= Beginning of Section =

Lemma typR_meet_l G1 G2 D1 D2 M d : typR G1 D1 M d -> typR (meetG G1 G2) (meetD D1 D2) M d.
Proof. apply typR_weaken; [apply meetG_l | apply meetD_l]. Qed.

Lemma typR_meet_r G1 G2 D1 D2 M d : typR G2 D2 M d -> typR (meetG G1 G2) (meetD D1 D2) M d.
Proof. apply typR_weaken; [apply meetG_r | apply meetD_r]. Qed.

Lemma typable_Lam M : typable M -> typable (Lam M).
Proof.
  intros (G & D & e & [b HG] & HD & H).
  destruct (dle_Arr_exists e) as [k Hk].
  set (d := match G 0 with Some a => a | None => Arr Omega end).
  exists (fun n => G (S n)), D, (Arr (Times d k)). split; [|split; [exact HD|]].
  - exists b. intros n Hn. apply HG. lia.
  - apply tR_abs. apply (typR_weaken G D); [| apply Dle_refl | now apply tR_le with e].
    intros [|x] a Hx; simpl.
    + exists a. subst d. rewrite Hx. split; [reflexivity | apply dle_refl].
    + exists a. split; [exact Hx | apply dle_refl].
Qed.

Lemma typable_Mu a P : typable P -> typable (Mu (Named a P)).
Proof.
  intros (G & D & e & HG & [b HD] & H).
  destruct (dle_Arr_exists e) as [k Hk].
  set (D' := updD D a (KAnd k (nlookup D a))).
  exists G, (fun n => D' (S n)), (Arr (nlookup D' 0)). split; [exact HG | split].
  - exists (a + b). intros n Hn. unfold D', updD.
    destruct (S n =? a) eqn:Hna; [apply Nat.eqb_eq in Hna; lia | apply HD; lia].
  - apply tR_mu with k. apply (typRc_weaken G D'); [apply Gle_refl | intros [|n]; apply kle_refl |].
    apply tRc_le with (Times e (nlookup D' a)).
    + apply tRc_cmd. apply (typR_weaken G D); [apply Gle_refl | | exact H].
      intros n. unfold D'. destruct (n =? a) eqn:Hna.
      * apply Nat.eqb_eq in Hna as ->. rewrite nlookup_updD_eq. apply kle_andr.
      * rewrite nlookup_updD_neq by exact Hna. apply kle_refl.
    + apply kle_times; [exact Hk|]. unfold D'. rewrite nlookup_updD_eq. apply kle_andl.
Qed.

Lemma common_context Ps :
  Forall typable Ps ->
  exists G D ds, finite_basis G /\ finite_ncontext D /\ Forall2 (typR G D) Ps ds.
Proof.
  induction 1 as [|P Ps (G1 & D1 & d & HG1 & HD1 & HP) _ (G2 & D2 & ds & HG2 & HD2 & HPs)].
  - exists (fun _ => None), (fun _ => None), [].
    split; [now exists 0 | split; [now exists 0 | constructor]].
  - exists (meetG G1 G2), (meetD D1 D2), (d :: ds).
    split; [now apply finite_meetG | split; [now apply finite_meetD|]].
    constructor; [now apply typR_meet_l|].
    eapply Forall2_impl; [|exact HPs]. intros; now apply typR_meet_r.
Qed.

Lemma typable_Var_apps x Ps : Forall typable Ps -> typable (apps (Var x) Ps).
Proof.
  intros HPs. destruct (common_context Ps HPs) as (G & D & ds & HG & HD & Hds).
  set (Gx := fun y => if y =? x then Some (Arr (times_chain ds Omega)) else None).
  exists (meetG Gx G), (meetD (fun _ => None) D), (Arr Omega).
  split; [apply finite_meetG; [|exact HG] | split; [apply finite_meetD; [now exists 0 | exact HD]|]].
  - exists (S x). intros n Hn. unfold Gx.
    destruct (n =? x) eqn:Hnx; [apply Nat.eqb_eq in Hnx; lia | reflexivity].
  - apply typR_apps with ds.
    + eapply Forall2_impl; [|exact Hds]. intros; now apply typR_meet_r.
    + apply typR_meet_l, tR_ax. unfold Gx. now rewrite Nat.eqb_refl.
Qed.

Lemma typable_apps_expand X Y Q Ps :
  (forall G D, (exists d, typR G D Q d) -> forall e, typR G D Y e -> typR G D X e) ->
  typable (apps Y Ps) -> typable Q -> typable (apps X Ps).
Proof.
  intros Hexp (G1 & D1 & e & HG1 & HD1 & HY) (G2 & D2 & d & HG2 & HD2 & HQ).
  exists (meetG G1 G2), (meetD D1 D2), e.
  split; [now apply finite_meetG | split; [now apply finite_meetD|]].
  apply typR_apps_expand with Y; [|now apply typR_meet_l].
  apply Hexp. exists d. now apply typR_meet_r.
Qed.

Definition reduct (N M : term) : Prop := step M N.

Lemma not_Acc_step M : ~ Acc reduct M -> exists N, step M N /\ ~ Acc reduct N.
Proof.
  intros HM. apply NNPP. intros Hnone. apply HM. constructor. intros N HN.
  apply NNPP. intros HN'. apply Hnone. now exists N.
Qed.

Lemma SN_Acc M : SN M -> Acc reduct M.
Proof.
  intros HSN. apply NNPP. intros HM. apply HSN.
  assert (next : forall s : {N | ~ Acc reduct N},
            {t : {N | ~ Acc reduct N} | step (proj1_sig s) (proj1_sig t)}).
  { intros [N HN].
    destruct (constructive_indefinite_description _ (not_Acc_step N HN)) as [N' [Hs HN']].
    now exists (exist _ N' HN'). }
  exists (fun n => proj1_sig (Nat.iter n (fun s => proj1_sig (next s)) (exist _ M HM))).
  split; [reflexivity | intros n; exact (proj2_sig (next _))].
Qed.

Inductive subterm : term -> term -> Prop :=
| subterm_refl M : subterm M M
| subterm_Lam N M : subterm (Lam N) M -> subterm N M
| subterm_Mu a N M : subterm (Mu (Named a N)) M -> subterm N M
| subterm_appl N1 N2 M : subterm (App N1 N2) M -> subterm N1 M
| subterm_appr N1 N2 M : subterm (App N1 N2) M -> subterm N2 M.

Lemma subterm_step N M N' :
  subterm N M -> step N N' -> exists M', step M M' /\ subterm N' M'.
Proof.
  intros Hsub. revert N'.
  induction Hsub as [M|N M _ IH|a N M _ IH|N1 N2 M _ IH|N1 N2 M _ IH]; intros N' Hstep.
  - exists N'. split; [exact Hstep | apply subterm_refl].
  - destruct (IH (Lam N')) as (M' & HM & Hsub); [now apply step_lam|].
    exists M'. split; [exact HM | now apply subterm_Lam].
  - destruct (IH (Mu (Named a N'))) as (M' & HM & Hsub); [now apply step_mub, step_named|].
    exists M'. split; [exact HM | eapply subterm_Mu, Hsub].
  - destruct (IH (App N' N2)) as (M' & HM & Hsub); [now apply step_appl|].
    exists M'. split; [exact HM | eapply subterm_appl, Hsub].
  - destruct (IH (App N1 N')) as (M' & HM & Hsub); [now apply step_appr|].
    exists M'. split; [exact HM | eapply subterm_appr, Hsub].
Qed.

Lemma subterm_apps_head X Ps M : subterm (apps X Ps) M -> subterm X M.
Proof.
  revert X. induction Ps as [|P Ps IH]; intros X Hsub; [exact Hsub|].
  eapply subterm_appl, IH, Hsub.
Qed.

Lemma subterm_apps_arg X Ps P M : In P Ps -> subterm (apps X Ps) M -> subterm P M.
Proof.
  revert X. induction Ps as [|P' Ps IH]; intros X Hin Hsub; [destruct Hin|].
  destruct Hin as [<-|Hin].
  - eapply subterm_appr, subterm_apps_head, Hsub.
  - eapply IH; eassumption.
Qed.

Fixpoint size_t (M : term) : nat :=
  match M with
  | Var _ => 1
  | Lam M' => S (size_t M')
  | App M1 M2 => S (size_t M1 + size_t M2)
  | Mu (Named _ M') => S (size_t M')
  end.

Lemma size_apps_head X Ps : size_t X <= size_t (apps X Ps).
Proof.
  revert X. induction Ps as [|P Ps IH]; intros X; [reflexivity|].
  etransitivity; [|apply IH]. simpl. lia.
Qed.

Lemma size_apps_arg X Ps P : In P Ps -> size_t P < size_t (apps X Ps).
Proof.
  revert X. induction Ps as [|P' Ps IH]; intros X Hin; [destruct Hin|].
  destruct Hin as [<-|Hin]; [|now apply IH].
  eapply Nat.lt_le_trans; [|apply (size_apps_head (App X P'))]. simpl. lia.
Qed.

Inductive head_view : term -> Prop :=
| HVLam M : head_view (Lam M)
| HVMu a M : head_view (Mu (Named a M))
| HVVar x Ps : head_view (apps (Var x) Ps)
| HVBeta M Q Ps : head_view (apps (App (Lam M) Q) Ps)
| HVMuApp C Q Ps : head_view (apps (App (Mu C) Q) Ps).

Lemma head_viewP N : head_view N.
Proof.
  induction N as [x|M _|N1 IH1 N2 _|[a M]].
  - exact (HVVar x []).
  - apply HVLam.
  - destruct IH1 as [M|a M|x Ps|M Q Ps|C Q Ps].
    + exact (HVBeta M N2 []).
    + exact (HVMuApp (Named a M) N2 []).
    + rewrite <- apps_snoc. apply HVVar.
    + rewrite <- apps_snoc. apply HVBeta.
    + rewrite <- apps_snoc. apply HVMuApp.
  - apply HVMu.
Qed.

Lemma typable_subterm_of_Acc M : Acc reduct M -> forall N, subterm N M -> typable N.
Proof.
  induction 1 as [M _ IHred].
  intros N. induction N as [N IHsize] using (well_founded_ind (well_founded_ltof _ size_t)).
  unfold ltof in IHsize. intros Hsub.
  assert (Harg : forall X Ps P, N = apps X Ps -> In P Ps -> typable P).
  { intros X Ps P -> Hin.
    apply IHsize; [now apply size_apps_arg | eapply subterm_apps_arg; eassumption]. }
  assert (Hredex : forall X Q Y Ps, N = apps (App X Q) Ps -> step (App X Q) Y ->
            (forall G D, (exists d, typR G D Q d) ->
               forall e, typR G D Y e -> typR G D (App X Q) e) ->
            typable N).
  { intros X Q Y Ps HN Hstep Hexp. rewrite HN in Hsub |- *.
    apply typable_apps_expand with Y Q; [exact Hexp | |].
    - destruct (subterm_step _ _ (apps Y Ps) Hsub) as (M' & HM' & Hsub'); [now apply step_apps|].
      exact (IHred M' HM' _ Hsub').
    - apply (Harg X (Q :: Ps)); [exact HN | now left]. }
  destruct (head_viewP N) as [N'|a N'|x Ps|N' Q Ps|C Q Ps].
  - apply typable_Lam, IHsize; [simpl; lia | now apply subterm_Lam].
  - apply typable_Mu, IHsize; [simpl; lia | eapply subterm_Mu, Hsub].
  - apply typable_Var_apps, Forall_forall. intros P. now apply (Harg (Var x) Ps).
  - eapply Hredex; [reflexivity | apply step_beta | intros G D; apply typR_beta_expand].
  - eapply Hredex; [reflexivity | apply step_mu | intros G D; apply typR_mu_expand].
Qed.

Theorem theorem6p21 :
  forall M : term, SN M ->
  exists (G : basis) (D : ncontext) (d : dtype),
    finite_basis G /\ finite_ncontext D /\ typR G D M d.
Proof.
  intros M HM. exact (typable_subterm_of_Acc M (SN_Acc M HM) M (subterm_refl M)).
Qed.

= End of Section =

Word for word, restate the lines of the listing above starting at the line with "destruct Hin as [<-|Hin]; [|now apply IH]." and ending at the line with "head_view (apps (Var x) Ps)", and nothing outside them.

| Result for this task |
  destruct Hin as [<-|Hin]; [|now apply IH].
  eapply Nat.lt_le_trans; [|apply (size_apps_head (App X P'))]. simpl. lia.
Qed.

Inductive head_view : term -> Prop :=
| HVLam M : head_view (Lam M)
| HVMu a M : head_view (Mu (Named a M))
| HVVar x Ps : head_view (apps (Var x) Ps)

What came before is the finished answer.